Corrective dips towards 1.0900 zone are expected to provide better opportunities for re-entering bullish market.
3) Stocks Are Softer Once More
Stocks turned broadly weaker yesterday as investors reacted to some stinky data from Europe and the US. Overnight Asian data has also had the whiff of soft cheese that’s been left out too long. Stocks are softer once more, though most of Europe is on holiday so the focus is on London until New York opens.
The S&P 500 eased back almost 1% to relinquish the 61.8% retracement at 2934 but closing at 2912 it finished well off the lows. Both the Dow and the S&P 500 recorded their best months since 1987 as equity markets rebounded on central bank largesse, government bailouts and the outperformance of US tech over just about anything else. The tech-heavy Nasdaq was up 19% for the month and is nearly flat for the year. It’s shame we don’t really have any tech firms left, as nothing else is growing.
The FTSE 100 endured a terrible session, finishing 3.5% weaker as Shell tumbled, just holding onto 5900 and the 38.2% retracement of the drawdown. At Friday’s open the index shipped another 2% to break under 5800 and move back to where it opened on Monday at 5,752, completing a 400-pt round trip this week. This will be a level bulls will seek to defend. RBS shares rallied 3%, whilst Lloyds fell 4%. RBS said profits fell 59% to £288m as it set aside £800 for loan losses. But revenues were down just 1.6% at £3.2bn – Lloyds reported an 11% decline in revenues. Something doesn’t look right.
South Korean exports declined 24.3%, the worst slump in 11 years.
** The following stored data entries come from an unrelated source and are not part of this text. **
(* the partial transpose only exchanges the summation indices [i] and [l] *)
Lemma vdot_tensv_ptrans m n (u : 'cV[R]_m) (x : 'cV[R]_n) (A : 'M[R]_(n * m)) :
  vdot (tensv u x) (ptrans A *m tensv u x) = vdot (tensv u x) (A *m tensv u x).
Proof.
rewrite !vdot_tensv_mulmx; apply: eq_bigr => j _.
transitivity (\sum_(i < m) \sum_(l < m) \sum_(k < n)
  u i 0 * x j 0 * A (mxtens_index (j, l)) (mxtens_index (k, i)) * (u l 0 * x k 0)).
  apply: eq_bigr => i _; rewrite exchange_big /=.
  by do 2![apply: eq_bigr => ? _]; rewrite mxE !mxtens_indexK.
rewrite exchange_big /=; apply: eq_bigr => l _; rewrite exchange_big /=.
by do 2![apply: eq_bigr => ? _]; ring.
Qed.

Section SymmetricProjection.
Variables (k : nat) (P : 'M[R]_k).
Hypotheses (P_sym : P^T = P) (P_idem : P *m P = P).

Lemma vdot_symmetric (a b : 'cV[R]_k) : vdot a (P *m b) = vdot (P *m a) b.
Proof. by rewrite !vdotE trmx_mul P_sym mulmxA. Qed.

Lemma vdot_proj (a : 'cV[R]_k) : vdot a (P *m a) = vdot (P *m a) (P *m a).
Proof. by rewrite -vdot_symmetric mulmxA P_idem. Qed.

End SymmetricProjection.

Lemma orthoproj_vecm m n (S : {vspace 'M[R]_(m, n)}) P Y :
  is_orthoproj S P -> Y \in S -> P *m vecm Y = vecm Y.
Proof.
case=> _ P_idem rangeP YS.
have [w ->] : exists w, vecm Y = P *m w by apply/rangeP; exists Y.
by rewrite mulmxA P_idem.
Qed.

(* [u^T Y x = <z, vec Y> = <P z, vec Y>], then Cauchy-Schwarz *)
Lemma orthoproj_bilin_sqr_le m n (S : {vspace 'M[R]_(m, n)}) P Y
    (u : 'cV[R]_m) (x : 'cV[R]_n) :
  is_orthoproj S P -> Y \in S -> frobnorm Y <= 1 ->
  (u^T *m Y *m x) 0 0 ^+ 2 <= vdot (tensv u x) (P *m tensv u x).
Proof.
move=> P_proj YS Y_le1; have [P_sym P_idem _] := P_proj.
rewrite -vdot_tensv_vecm -(orthoproj_vecm P_proj YS) vdot_symmetric //.
rewrite vdot_proj //; apply: le_trans (vdot_sqr_le _ _) _.
rewrite ler_piMr ?vdotvv_ge0 // -frobnorm_sqr exprn_ile1 //.
exact: sqrtr_ge0.
Qed.

End RealVectors.

Section NumericalRange.
Variable R : realType.
Local Open Scope complex_scope.

Lemma cmxM a b c (A : 'M[R]_(a, b)) (B : 'M[R]_(b, c)) :
  cmx (A *m B) = cmx A *m cmx B.
Proof.
apply/matrixP => i j; rewrite !mxE rmorph_sum; apply: eq_bigr => k _.
by rewrite rmorphM !mxE.
Qed.

Lemma adj_cmx k (z : 'cV[R]_k) : adj (cmx z) = cmx z^T.
Proof. by apply/matrixP => i j; rewrite !mxE conjc_real. Qed.

Lemma cmx_quad k (z : 'cV[R]_k) (A : 'M[R]_k) :
  (adj (cmx z) *m cmx A *m cmx z) 0 0 = (vdot z (A *m z))%:C.
Proof. by rewrite adj_cmx -!cmxM vdotE mulmxA mxE. Qed.

Lemma W1i_quad n m (B : 'M[R]_(n * m)) (z : 'cV[R]_(n * m)) :
  vdot z z = 1 -> vdot z (ptrans B *m z) = vdot z (B *m z) ->
  W1i B (vdot z (B *m z)).
Proof.
move=> z_unit ptransB; exists (cmx z).
  by rewrite /= adj_cmx -cmxM mxE -vdotE z_unit.
rewrite mulmxDr mulmxDl -scalemxAr -scalemxAl mxE [in X in _ + X]mxE.
by rewrite !cmx_quad ptransB mulrDr mulr1 mulrC.
Qed.

Lemma adj_unit_entry_le1 N (x : 'cV[R[i]]_N) k :
  (adj x *m x) 0 0 = 1 -> `|x k 0| <= 1.
Proof.
move=> x_unit; suff : `|x k 0| ^+ 2 <= 1 by rewrite expr_le1.
rewrite -x_unit mxE (bigD1 k) //= !mxE mulrC -sqr_normc lerDl.
by apply: sumr_ge0 => i _; rewrite !mxE mulrC -sqr_normc exprn_ge0.
Qed.
(* Let $I$ be an index set and $(X_i)_{i\in I}$ topological spaces. Then $\prod_{i\in I}X_i$ is a Baire space if and only if $\prod_{i\in I}\mathcal K(X_i)$ is a Baire space (both with the product topology).
   Context: A topological space is a Baire space if every countable intersection of dense open subsets is dense. Krom space: for a space $X$ with topology $\tau$, let $\downarrow\tau^{\omega}$ be the set of sequences $f=(f(0),f(1),\dots)$ of nonempty open subsets of $X$ with $f(k+1)\subseteq f(k)$ for all $k$, and for $n\ge1$ let $\downarrow\tau^{n}$ be the set of such decreasing finite sequences of length $n$. $\mathcal K(X)=\{f\in\downarrow\tau^{\omega}:\bigcap_n f(n)\neq\emptyset\}$, topologized as a subspace of $\tau^{\omega}$ where $\tau$ carries the discrete topology; a base consists of the sets $[h]=\{g\in\mathcal K(X): g(k)=h(k)\text{ for all }k<n\}$ for $h\in\downarrow\tau^{n}$, $n\ge1$. *)

From Stdlib Require Import List.

Record TopSpace := {
  carrier :> Type;
  is_open : (carrier -> Prop) -> Prop;
  open_setT : is_open (fun _ => True);
  open_setI : forall U V, is_open U -> is_open V -> is_open (fun x => U x /\ V x);
  open_bigU : forall F : (carrier -> Prop) -> Prop,
      (forall U, F U -> is_open U) -> is_open (fun x => exists U, F U /\ U x)
}.

Definition dense {T : Type} (op : (T -> Prop) -> Prop) (D : T -> Prop) : Prop :=
  forall U, op U -> (exists x, U x) -> exists x, U x /\ D x.

Definition baire (T : Type) (op : (T -> Prop) -> Prop) : Prop :=
  forall D : nat -> T -> Prop,
    (forall n, op (D n) /\ dense op (D n)) ->
    dense op (fun x => forall n, D n x).

Definition prod_open {I : Type} (T : I -> Type)
    (op : forall i, (T i -> Prop) -> Prop) (U : (forall i, T i) -> Prop) : Prop :=
  forall x, U x -> exists (l : list I) (V : forall i, T i -> Prop),
    (forall i, In i l -> op i (V i)) /\
    (forall i, In i l -> V i (x i)) /\
    (forall y, (forall i, In i l -> V i (y i)) -> U y).

Definition krom_seq (X : TopSpace) (f : nat -> X -> Prop) : Prop :=
  (forall n, is_open X (f n) /\ exists x, f n x) /\
  (forall k x, f (S k) x -> f k x) /\
  (exists x, forall n, f n x).

Definition Krom (X : TopSpace) : Type := { f : nat -> X -> Prop | krom_seq X f }.

(* Topology of K(X) as a subspace of tau^omega, tau discrete: U is open iff
   every g in U has a basic neighbourhood [g|(n+1)] (sequences agreeing with g
   on the first n+1 terms, equality of terms being equality of subsets of X)
   contained in U. *)
Definition krom_open (X : TopSpace) (U : Krom X -> Prop) : Prop :=
  forall g, U g -> exists n : nat, forall g' : Krom X,
    (forall k, k <= n -> forall x, proj1_sig g' k x <-> proj1_sig g k x) -> U g'.

From Stdlib Require Import List Lia.
From Stdlib Require Import Classical ClassicalEpsilon FunctionalExtensionality PropExtensionality.
From mathcomp Require classical_sets.

(* A basic open set of prod_i K(X_i) is a cylinder [g|N] over finitely many
   coordinates l; its shadow in prod_i X_i is the box of the N-th terms g_i(N),
   i in l.  Both directions compare the two products through shadows.

   If prod_i K(X_i) is Baire and D_n are dense open in prod_i X_i, the sets of
   g having some shadow inside D_n are dense open; a point lying in every term
   of every coordinate of a g in all of them lies in every D_n.

   If prod_i X_i is Baire and E_n are dense open in prod_i K(X_i), build levels
   of cylinders: level n+1 is a maximal family, with pairwise disjoint shadows,
   of cylinders inside E_n refining a cylinder of level n.  The union of the
   shadows of a level, together with the exterior of the starting shadow, is
   dense open, so some x lies in all of them.  By disjointness x threads a
   single branch of refining cylinders of unbounded depth, whose coordinatewise
   limit lies in every E_n; its terms have nonempty intersection because they
   all contain x. *)

Definition kval {Y : TopSpace} (g : Krom Y) : nat -> Y -> Prop := proj1_sig g.
(* Let $m\ge 3$ and let $K_{1,m}$ be the star with center $v_0$ and pendant vertices $v_1,\dots,v_m$. Then $P_{\{v_1\}}(K_{1,m})>P_{\{v_0\}}(K_{1,m})$, and consequently $\max\{P_A(K_{1,m}): A\subseteq V(K_{1,m}),\ |A|=1\}=P_{\{v_1\}}(K_{1,m})$.
   Context: Classical zero forcing: given a set of black vertices (the rest white), the color change rule turns a white vertex $v$ black if $v$ is the only white neighbor of some black vertex $u$. A set $S$ is a zero forcing set if starting with $S$ black, finitely many applications of this rule make all of $V(G)$ black. Probabilistic process: for a vertex $u$, $N(u)$ is its open neighborhood, $N[u]=N(u)\cup\{u\}$, $\deg(u)=|N(u)|$. Given a current black set $Z$, $F(u\to v)=0$ if $u\notin Z$, or $v\notin N(u)$, or $N[u]\subseteq Z$; otherwise $F(u\to v)=|N[u]\cap Z|/\deg(u)$. One global application of the probabilistic color change rule: black vertices stay black; independently for every pair $(u,v)$ with $u$ black and $v\in N(u)$ white, $u$ forces $v$ with probability $F(u\to v)$; a white vertex becomes black iff some black neighbor forces it. Starting with black set $A$ at step $0$ and applying this rule repeatedly, let $S^k$ be the set of colorings reachable with positive probability after exactly $k$ steps and $P^{(k)}$ the probability distribution on them. Let $T^k\subseteq S^k$ be the colorings whose black set contains a classical zero forcing set of $G$. Define $P_A(G)=P^{(k_0)}(T^{k_0})$ where $k_0$ is the least $k\ge 0$ with $T^k\neq\emptyset$. *)

From HB Require Import structures.
From mathcomp Require Import all_boot all_order all_algebra.
Set Implicit Arguments. Unset Strict Implicit. Unset Printing Implicit Defensive.
Import Order.TTheory GRing.Theory Num.Theory.

Section PZF.
Variables (V : finType) (e : rel V).

Definition nbhd (u : V) : {set V} := [set w | e u w].
Definition cnbhd (u : V) : {set V} := u |: nbhd u.
Definition deg (u : V) : nat := #|nbhd u|.

(* one round of the classical color change rule (all possible forces at once) *)
Definition cc_step (Z : {set V}) : {set V} :=
  Z :|: [set v | [exists u, [&& u \in Z, v \notin Z, e u v &
            [forall w, (e u w && (w \notin Z)) ==> (w == v)]]]].

(* S is a zero forcing set: repeated application of the rule colours all of V.
   (#|V| rounds suffice, since each nontrivial round adds a vertex.) *)
Definition zfs (S : {set V}) : bool := iter #|V| cc_step S == setT.

Definition contains_zfs (Z : {set V}) : bool :=
  [exists S : {set V}, (S \subset Z) && zfs S].

Local Open Scope ring_scope.

Definition Fprob (Z : {set V}) (u v : V) : rat :=
  if (u \notin Z) || ~~ e u v || (cnbhd u \subset Z) then 0
  else (#|cnbhd u :&: Z|)%:R / (deg u)%:R.

Definition stay_white (Z : {set V}) (v : V) : rat :=
  \prod_(u in Z | e u v) (1 - Fprob Z u v).

(* probability of going from black set Z to black set Z' in one global step
   (forces for different pairs are independent) *)
Definition trans (Z Z' : {set V}) : rat :=
  if Z \subset Z' then
    \prod_(v | v \notin Z) (if v \in Z' then 1 - stay_white Z v else stay_white Z v)
  else 0.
Japanese factory activity fell to its lowest since 2009. The AIG Australian PMI dropped by 17.9 points to 35.8 in April, its largest month-to-month fall in the 28 years since it began. New Zealand consumer confidence fell 21 points in April to 84.8, where it troughed in 2008. Today’s main event will be the US ISM manufacturing PMI, which is seen declining to 36.7 from 49.1 a month ago.
Donald Trump is threatening new tariffs on China in retaliation for the coronavirus – trade tensions back on the agenda won’t be terribly positive for risk appetite but for now remains something on the margins. But the US and Europe will demand China steps up – if we talk about what permanent changes are taking place or what trends have accelerated sharply, then deglobalisation has to be at the forefront.
Apple shares declined in extended trading after it reported a slowdown in revenue growth and declined to offer guidance for the June quarter. It will however continue to buy back stock and increased its share repurchase programme by $50bn. Revenues from iPhones declined 7% to $29bn, but Services revenues rose 16% to $13.3bn. Overall revenue growth was down to +0.5% vs 9% in the previous quarter.